CPS did not immediately respond to a request for comment, and it’s not clear how many schools and students participated in the pilot’s first phase in December. In November, the district said it had reduced the number of students with disabilities waiting on rides to school from about 1,200 to about 150.

Some families at these schools received emails from Kimberly Jones, the district’s executive director of student transportation services, to let them know their children are now eligible for rides. The note said they would hear from the district’s transportation vendors directly about pickup and dropoff times.

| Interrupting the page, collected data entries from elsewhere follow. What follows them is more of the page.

(* In the setting of the context, fix $\beta>0$. Then $\omega\in\overline{W_{\overline{\mathbb{R}}\times\{\beta\}}(T)\setminus i\mathbb{R}}$ if and only if $\omega\in\{0,\infty\}$ (only $\omega=\infty$ if $c=0$), or $\omega_\Im\neq0$ and one of the following four equations holds: $$\omega_\Re=\pm\sqrt{P_{\omega_\Im}\pm\sqrt{P_{\omega_\Im}^2-Q_{\omega_\Im}}-\omega_\Im^2},$$ where $$P_{\omega_\Im}:=c-\frac{d^2}{2}-d\omega_\Im-\frac{\beta d}{4\omega_\Im},\qquad Q_{\omega_\Im}:=\beta c+c^2+2cd\omega_\Im+4c\omega_\Im^2.$$
   Context: Let $c\ge0$, $d>0$, $\delta_\pm:=\pm\sqrt{c-d^2/4}-id/2$; $\sqrt{\cdot}$ is the principal square root. For real $\alpha,\beta$ let $p_{(\alpha,\beta)}(\omega):=(\alpha-\omega^2)(c-id\omega-\omega^2)-\beta\omega^2$ with roots $r_1,\dots,r_4$ labelled continuously in $(\alpha,\beta)\in\mathbb{R}^2$ and extended by limits to $\alpha=\pm\infty$ (roots $\delta_+,\delta_-$ and $\infty$ twice), values in $\overline{\mathbb{C}}$. $W_{\overline{\mathbb{R}}\times\{\beta\}}(T):=\bigcup_{n=1}^4\{r_n(\alpha,\beta):\alpha\in\mathbb{R}\cup\{\pm\infty\}\}$; overline denotes closure in $\overline{\mathbb{C}}$; $\omega=\omega_\Re+i\omega_\Im$. *)

From HB Require Import structures.
From mathcomp Require Import all_boot all_order all_algebra.
From mathcomp Require Import complex.
From mathcomp Require Import reals.
Set Implicit Arguments. Unset Strict Implicit. Unset Printing Implicit Defensive.
Import Order.TTheory GRing.Theory Num.Theory.
Local Open Scope ring_scope.
Local Open Scope complex_scope.

(* The extended complex plane: None is the point at infinity. *)
Definition extC (R : rcfType) := option R[i].

Definition pab (R : rcfType) (c d alpha beta : R) (w : R[i]) : R[i] :=
  (alpha%:C - w ^+ 2) * (c%:C - 'i * d%:C * w - w ^+ 2) - beta%:C * w ^+ 2.

Definition delta_p (R : rcfType) (c d : R) : R[i] :=
  sqrtc ((c - d ^+ 2 / 4%:R)%:C) - 'i * (d / 2%:R)%:C.
Definition delta_m (R : rcfType) (c d : R) : R[i] :=
  - sqrtc ((c - d ^+ 2 / 4%:R)%:C) - 'i * (d / 2%:R)%:C.

(* W_{Rbar x {beta}}(T): union over alpha in R u {+oo,-oo} of all the roots
   r_1..r_4 of p_(alpha,beta), as a subset of the extended complex plane.
   For real alpha these are exactly the zeros of p_(alpha,beta); at
   alpha = +/-oo the (limit) roots are delta_+, delta_- and oo. *)
Definition W_beta (R : rcfType) (c d beta : R) : extC R -> Prop :=
  fun z => match z with
  | None => True
  | Some w => (exists alpha : R, pab c d alpha beta w = 0)
              \/ w = delta_p c d \/ w = delta_m c d
  end.

Definition reC (R : rcfType) (w : R[i]) : R := complex.Re w.
Definition imC (R : rcfType) (w : R[i]) : R := complex.Im w.

(* S \ iR  (the point oo does not lie on iR) *)
Definition minus_iR (R : rcfType) (S : extC R -> Prop) : extC R -> Prop :=
  fun z => match z with
  | None => S None
  | Some w => S (Some w) /\ reC w != 0
  end.

Definition extC_closure (R : rcfType) (S : extC R -> Prop) : extC R -> Prop :=
  fun z => match z with
  | None => S None \/
            (forall M : R, exists w : R[i], S (Some w) /\ M%:C < `|w|)
  | Some w0 => forall e : R, 0 < e ->
            exists w : R[i], S (Some w) /\ `|w - w0| < e%:C
  end.

Definition Pfun (R : rcfType) (c d beta y : R) : R :=
  c - d ^+ 2 / 2%:R - d * y - beta * d / (4%:R * y).
Definition Qfun (R : rcfType) (c d beta y : R) : R :=
  beta * c + c ^+ 2 + 2%:R * c * d * y + 4%:R * c * y ^+ 2.

Definition sgnb (R : rcfType) (b : bool) : R[i] := if b then 1 else -1.

(* Write w = x + iy.  As p_(alpha,beta)(w) = (alpha - w^2) D(w) - beta w^2 with
   D(w) = c - idw - w^2 = -(w - delta_+)(w - delta_-), eliminating the real unknown
   alpha from the real and imaginary parts of p(w) = 0 shows that a point with
   x <> 0 lies in W iff F(x^2, y) = 0, where (elimF, dampRe = s, dampIm = a)
     F(u, y) = 2y((s - u)^2 + u a^2) + beta (2cy + d(u + y^2)),
     s = c + dy + y^2,  a = d + 2y;
   the points delta_+-, where D vanishes, satisfy this equation as well.  For
   y <> 0, F(x^2, y) = 2y((x^2 + y^2 - P)^2 - (P^2 - Q)), whence the four branches.
   In the closure, limits of these points must still satisfy F(x^2, y) = 0.  On
   the real axis F(x^2, 0) = beta d x^2 leaves only the origin, which is a limit
   iff c <> 0: for c = 0, F(x^2, y) > 0 near the origin when x <> 0.  At iy0,
   y0 <> 0, with F(0, y0) = y0 K(y0) = 0, look for small roots u > 0 of the
   quadratic F(u, y) = 2y u^2 + L(y) u + F(0, y) for y near y0: for small u,
   F(u, y) has the sign of L(y0) (of y0 if L(y0) = 0), while the Taylor expansion
   of K at y0 shows that F(0, y) takes the opposite sign arbitrarily close to y0,
   so the intermediate value theorem provides the root. *)

From HB Require Import structures.
From mathcomp Require Import all_boot all_order all_algebra.
From mathcomp Require Import complex.
From mathcomp Require Import reals.
From mathcomp Require Import ring lra polyrcf.
Import Order.TTheory GRing.Theory Num.Theory.
Set Implicit Arguments. Unset Strict Implicit. Unset Printing Implicit Defensive.
Local Open Scope ring_scope.
Local Open Scope complex_scope.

“We’re happy for all families who received good news and concerned for families who didn’t,” CPS Parents for Buses said in a statement. “We continue to advocate for innovative solutions that will ensure that public school transportation is never again placed on the chopping block.”

CPS has struggled to provide transportation and limit long commute times for its students with disabilities — challenges that district officials have largely blamed on a national bus driver shortage that began in 2020 during the COVID pandemic. These issues triggered multiple complaints to the state in recent years and the suspension of all transportation for general education students.

In announcing the start of the new transportation hub program late last year, CEO Pedro Martinez promised the district would add more schools and students to it — as long as it did not begin interfering with its efforts to provide rides to all students with disabilities who need them.